Eye For Film >> Movies >> Esme, My Love (2022) Film Review
Esme, My Love
Reviewed by: Jennie Kermode
“You won’t be my little girl forever,” observes Hannah, wistfully.
“Isn’t that a good thing?” Esme asks.
The process of coming of age is often treated in cinema as a liberating, albeit somewhat awkward experience. There will always be some people, however, for whom it happens far too soon and in circumstances which they would never wish to repeat. Esme (Audrey Grace Marshall) is a child when her mother takes her into the woods. She won’t be when – if – she comes out again.
Opening on the car journey to that remote locale, Cory Choy’s nervy thriller gives us very little context, immediately plunging us into the moment. Hannah (Stacey Weckstein) is driving; Esme is lounging in the back seat, bored, verbally sniping in the way that bored children do. Her mother has told her that she’s ill and that they don’t have much time left together, but Esme doesn’t feel ill. She is tired, and she wants to go home, not on some stupid road trip. Her grandparents’ farm, evidently full of meaning for Hannah, doesn’t sound very interesting to her. She’s weirded out that not until now has she been told anything about her mother’s sister, Emily, who lived at the farm. It’s an early indication of erratic behaviour on her mother’s part which unsettles her, puts her on her guard even though she lacks the experience to make useful guesses about what might be going on.

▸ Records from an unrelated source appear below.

(* Let $(X,T)$ be a topologically transitive system. Then either $(X,T)$ is thickly sensitive (and then $\mathrm{Eq}_{\mathrm{syn}}(X,T)=\varnothing$), or $\mathrm{Tran}(X,T)\subset \mathrm{Eq}_{\mathrm{syn}}(X,T)$. In particular, if $(X,T)$ is minimal then it is either thickly sensitive or syndetically equicontinuous.
   Context: $(X,\varrho)$ compact metric, $T$ continuous surjection. $S_T(U,\delta)=\{n\in\mathbb{N}:\exists x_1,x_2\in U,\ \varrho(T^nx_1,T^nx_2)>\delta\}$ and $J_T(U,\delta)=\mathbb N\setminus S_T(U,\delta)$. A set $\mathcal S\subset\mathbb N$ is thick if it contains arbitrarily long blocks of consecutive integers, syndetic if it has bounded gaps (there is $m$ with $\mathcal S\cap\{n,\dots,n+m\}\ne\varnothing$ for all $n$). $(X,T)$ is thickly sensitive if there is $\delta>0$ with $S_T(U,\delta)$ thick for all opene $U$. A point $x$ is syndetically equicontinuous if for every $\varepsilon>0$ there is a neighborhood $U$ of $x$ with $J_T(U,\varepsilon)$ syndetic; $\mathrm{Eq}_{\mathrm{syn}}(X,T)$ is the set of such points, and $(X,T)$ is syndetically equicontinuous if $\mathrm{Eq}_{\mathrm{syn}}(X,T)=X$. $\mathrm{Tran}(X,T)$ is the set of points with dense orbit; transitive means $\mathrm{Tran}(X,T)\ne\varnothing$; minimal means $\mathrm{Tran}(X,T)=X$. *)

From Stdlib Require Import Reals List.
Open Scope R_scope.

Section Defs.
Context {X : Type} (d : X -> X -> R).

Definition is_metric : Prop :=
  (forall x y, 0 <= d x y) /\
  (forall x y, d x y = 0 <-> x = y) /\
  (forall x y, d x y = d y x) /\
  (forall x y z, d x z <= d x y + d y z).

Definition ball (x : X) (r : R) : X -> Prop := fun y => d x y < r.

Definition is_open (U : X -> Prop) : Prop :=
  forall x, U x -> exists r, 0 < r /\ forall y, ball x r y -> U y.

Definition opene (U : X -> Prop) : Prop := is_open U /\ exists x, U x.

Definition neighborhood (x : X) (U : X -> Prop) : Prop :=
  exists r, 0 < r /\ forall y, ball x r y -> U y.

Definition compact_metric : Prop :=
  forall (I : Type) (U : I -> X -> Prop),
    (forall i, is_open (U i)) -> (forall x, exists i, U i x) ->
    exists l : list I, forall x, exists i, In i l /\ U i x.

Definition continuous_map (T : X -> X) : Prop :=
  forall x eps, 0 < eps -> exists delta, 0 < delta /\
    forall y, d x y < delta -> d (T x) (T y) < eps.

Definition surjective_map (T : X -> X) : Prop := forall y, exists x, T x = y.

Definition iter (T : X -> X) (n : nat) (x : X) : X := Nat.iter n T x.

Definition S_T (T : X -> X) (U : X -> Prop) (delta : R) : nat -> Prop :=
  fun n => exists x1 x2, U x1 /\ U x2 /\ d (iter T n x1) (iter T n x2) > delta.
Definition J_T (T : X -> X) (U : X -> Prop) (delta : R) : nat -> Prop :=
  fun n => ~ S_T T U delta n.

Definition thick (S : nat -> Prop) : Prop :=
  forall L : nat, exists n : nat, forall k : nat, (k < L)%nat -> S (n + k)%nat.

Definition syndetic (S : nat -> Prop) : Prop :=
  exists m : nat, forall n : nat, exists k : nat, (n <= k <= n + m)%nat /\ S k.

Definition thickly_sensitive (T : X -> X) : Prop :=
  exists delta, 0 < delta /\ forall U, opene U -> thick (S_T T U delta).

Definition syn_equicontinuous_point (T : X -> X) (x : X) : Prop :=
  forall eps, 0 < eps -> exists U, neighborhood x U /\ syndetic (J_T T U eps).

Definition syndetically_equicontinuous (T : X -> X) : Prop :=
  forall x, syn_equicontinuous_point T x.

Definition Tran (T : X -> X) (x : X) : Prop :=
  forall V, opene V -> exists n, V (iter T n x).

Definition top_transitive (T : X -> X) : Prop := exists x, Tran T x.
Definition minimal_system (T : X -> X) : Prop := forall x, Tran T x.
End Defs.

(* If T is not thickly sensitive, then for every eps > 0 some nonempty open U has
   S_T(U, eps) not thick, so its complement J_T(U, eps) is syndetic.  A transitive
   point x enters U at some time n, and by continuity of T^n a whole neighbourhood W
   of x is mapped into U; then J_T(W, eps) contains J_T(U, eps) shifted by n and is
   syndetic as well.  Conversely, a thick set cannot have syndetic complement, and
   every neighbourhood of a point contains a nonempty open ball, so thick sensitivity
   rules out syndetically equicontinuous points. *)
From Stdlib Require Import Reals Lra Lia Classical.
Open Scope R_scope.

Section Iterates.
Context {X : Type} (d : X -> X -> R) (T : X -> X).

Lemma iter_add (m n : nat) (x : X) : iter T (m + n) x = iter T m (iter T n x).
Proof. unfold iter; induction m as [|m IH]; simpl; congruence. Qed.

Lemma iter_continuous :
  continuous_map d T -> forall n, continuous_map d (iter T n).
Proof.
  intros Hc n; induction n as [|n IH]; intros x eps He.
  - exists eps; split; auto.
  - destruct (Hc (iter T n x) eps He) as [d1 [Hd1 H1]].
    destruct (IH x d1 Hd1) as [d2 [Hd2 H2]].
    exists d2; split; auto; intros y Hy; apply H1, H2, Hy.
Qed.

Lemma S_T_preimage (U : X -> Prop) (eps : R) (n k : nat) :
  S_T d T (fun y => U (iter T n y)) eps (k + n) -> S_T d T U eps k.
Proof.
  intros [y1 [y2 [H1 [H2 H3]]]].
  exists (iter T n y1), (iter T n y2); rewrite <- !iter_add; auto.
Qed.

End Iterates.

Lemma ball_opene {X : Type} (d : X -> X -> R) (x : X) (r : R) :
  is_metric d -> 0 < r -> opene d (ball d x r).
Proof.
  intros [_ [Hzero [_ Htri]]] Hr; unfold ball; split.
  - intros y Hy; exists (r - d x y); split; [lra|].
    intros z Hz; unfold ball in Hz; specialize (Htri x y z); lra.
  - exists x; assert (d x x = 0) by (apply Hzero; auto); lra.
Qed.

Lemma not_thick_gaps (A : nat -> Prop) :
  ~ thick A -> exists L, forall n, exists k, (k < L)%nat /\ ~ A (n + k)%nat.
Proof.
  intro Hnt; apply NNPP; intro Hn; apply Hnt; intro L.
  apply NNPP; intro Hn2; apply Hn; exists L; intro n.
  apply NNPP; intro Hn3; apply Hn2; exists n; intros k Hk.
  apply NNPP; intro Hn4; apply Hn3; exists k; auto.
Qed.

Lemma thick_not_syndetic_compl (A : nat -> Prop) :
  thick A -> ~ syndetic (fun n => ~ A n).
Proof.
  intros Ht [m Hm].
  destruct (Ht (S m)) as [n0 Hn0]; destruct (Hm n0) as [k [Hk HJ]].
  apply HJ; replace k with (n0 + (k - n0))%nat by lia; apply Hn0; lia.
Qed.

Lemma thickly_sensitive_no_syn_eq_point {X : Type} (d : X -> X -> R) (T : X -> X) :
  is_metric d -> thickly_sensitive d T -> forall x, ~ syn_equicontinuous_point d T x.
Proof.
  intros Hmetric [de [Hde Hts]] x Hx.
  destruct (Hx de Hde) as [U [[r [Hr HballU]] HJ]].
  apply (thick_not_syndetic_compl _ (Hts _ (ball_opene d x r Hmetric Hr))).
  destruct HJ as [m Hm]; exists m; intro n.
  destruct (Hm n) as [k [Hk HJk]]; exists k; split; auto.
  intros [y1 [y2 [H1 [H2 H3]]]]; apply HJk; exists y1, y2; auto.
Qed.

Lemma Tran_syn_eq_point_of_not_thickly_sensitive {X : Type} (d : X -> X -> R)
  (T : X -> X) :
  continuous_map d T -> ~ thickly_sensitive d T ->
  forall x, Tran d T x -> syn_equicontinuous_point d T x.
Proof.
  intros Hc Hnts x Hx eps He.
  assert (HU : exists U, opene d U /\ ~ thick (S_T d T U eps)).
  { apply NNPP; intro Hn; apply Hnts; exists eps; split; auto.
    intros U HU; apply NNPP; intro Ht; apply Hn; exists U; auto. }
  destruct HU as [U [HUo Hnt]].
  destruct (not_thick_gaps _ Hnt) as [L HL].
  destruct (Hx U HUo) as [n Hn].
  destruct (proj1 HUo _ Hn) as [r [Hr Hball]].
  destruct (iter_continuous d T Hc n x r Hr) as [de [Hde Hcd]].
  exists (fun y => U (iter T n y)); split.
  - exists de; split; auto; intros y Hy; apply Hball, Hcd, Hy.
  - exists (L + n)%nat; intro N; destruct (HL N) as [k [Hk HJ]].
    exists (N + k + n)%nat; split; [lia|].
    intro HS; exact (HJ (S_T_preimage d T U eps n _ HS)).
Qed.

Theorem theorem3p4 (X : Type) (d : X -> X -> R) (T : X -> X)
  (Hmetric : is_metric d) (Hcompact : compact_metric d)
  (Hcont : continuous_map d T) (Hsurj : surjective_map T) :
  (top_transitive d T ->
     (thickly_sensitive d T /\ (forall x, ~ syn_equicontinuous_point d T x))
     \/ (forall x, Tran d T x -> syn_equicontinuous_point d T x))
  /\
  (minimal_system d T -> thickly_sensitive d T \/ syndetically_equicontinuous d T).
Proof.
  split; [intros _ | intros Hmin];
    destruct (classic (thickly_sensitive d T)) as [Hts | Hnts].
  - left; split; auto; apply thickly_sensitive_no_syn_eq_point; auto.
  - right; apply Tran_syn_eq_point_of_not_thickly_sensitive; auto.
  - left; auto.
  - right; intro x; apply Tran_syn_eq_point_of_not_thickly_sensitive; auto.
Qed.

They drive through the night. Esme falls asleep, and when the car stops, Hannah gazes at her lying there, marvelling at her small, perfect form the way parents often do with their children when they can get away with it. Esme doesn’t want that kid of attention, having reached an age where she’s uncomfortable with ‘the clingy thing’. Yet there’s something about Hannah’s gaze which feels off. She seems to be weighing something up in her mind, almost as if she’s trying to evaluate the child’s comparative worth. One feels that she is on the edge of doing something dangerous.
We will spend the whole of this film with just the two of them, though each will imagine that she sees somebody else, and once they reach the farm there will be the haunting presence of Emily to contend with. Hannah’s not-so-bright idea to eat some canned peaches which she finds there, insisting that such things never go off, results in both of them getting food poisoning, an invitation to wonder how much of what follows is a fever dream. This incident also gives us an early chance to observe how Esme behaves when left to her own devices. She’s a smart, resourceful kid. As well as getting organised and feeding herself, she looks after her mother. One wonders how long that has been going on for, on one level or another.
Much of the film is spent simply wandering about in the woods, but the tension remains. Choy deftly captures the separateness of Hannah and Esme’s experiences, something which the former seems to struggle to recognise or accept. When Esme, admiring a lake from a little wooden jetty, loses her footing and falls into the water, there’s a shift in the mood, Hannah’s behaviour making it clear that something is very seriously wrong. There is ambiguity as to whether the cause is supernatural or purely psychological, but whichever is the case, Esme gradually realises that she will need to look out for herself.
For a low budget film shot in the woods, Esme, My Love, looks very impressive. Simple but well thought-out tricks like colour coordination give it an elegance which really elevates it. Hannah and Esme have clothes, backpacks and sleeping bags in shades of dark blue and mustard. The farmhouse is painted pale blue with a tawny roof, and the same colours are replicated perfectly in the shadowy woods and sunset in the final shot. Reflections are also used very effectively in small ways, helping build up a sense of paranoia. The trees themselves contribute to an atmosphere of containment. Hannah is obsessed with digging, boring down into the leaf mould and the earth below. Esme, like a young sapling striving to catch its share of sunlight, knows that she needs to get out, to reach the safety of open spaces and a clear sky.
A smart little film which flirts with horror tropes as a means of exploring a troubled mother/daughter relationship, Esme, My Love doesn’t always get the balance right, but it’s much better than its lowly origins suggest, and it promises a bright future for its director and stars.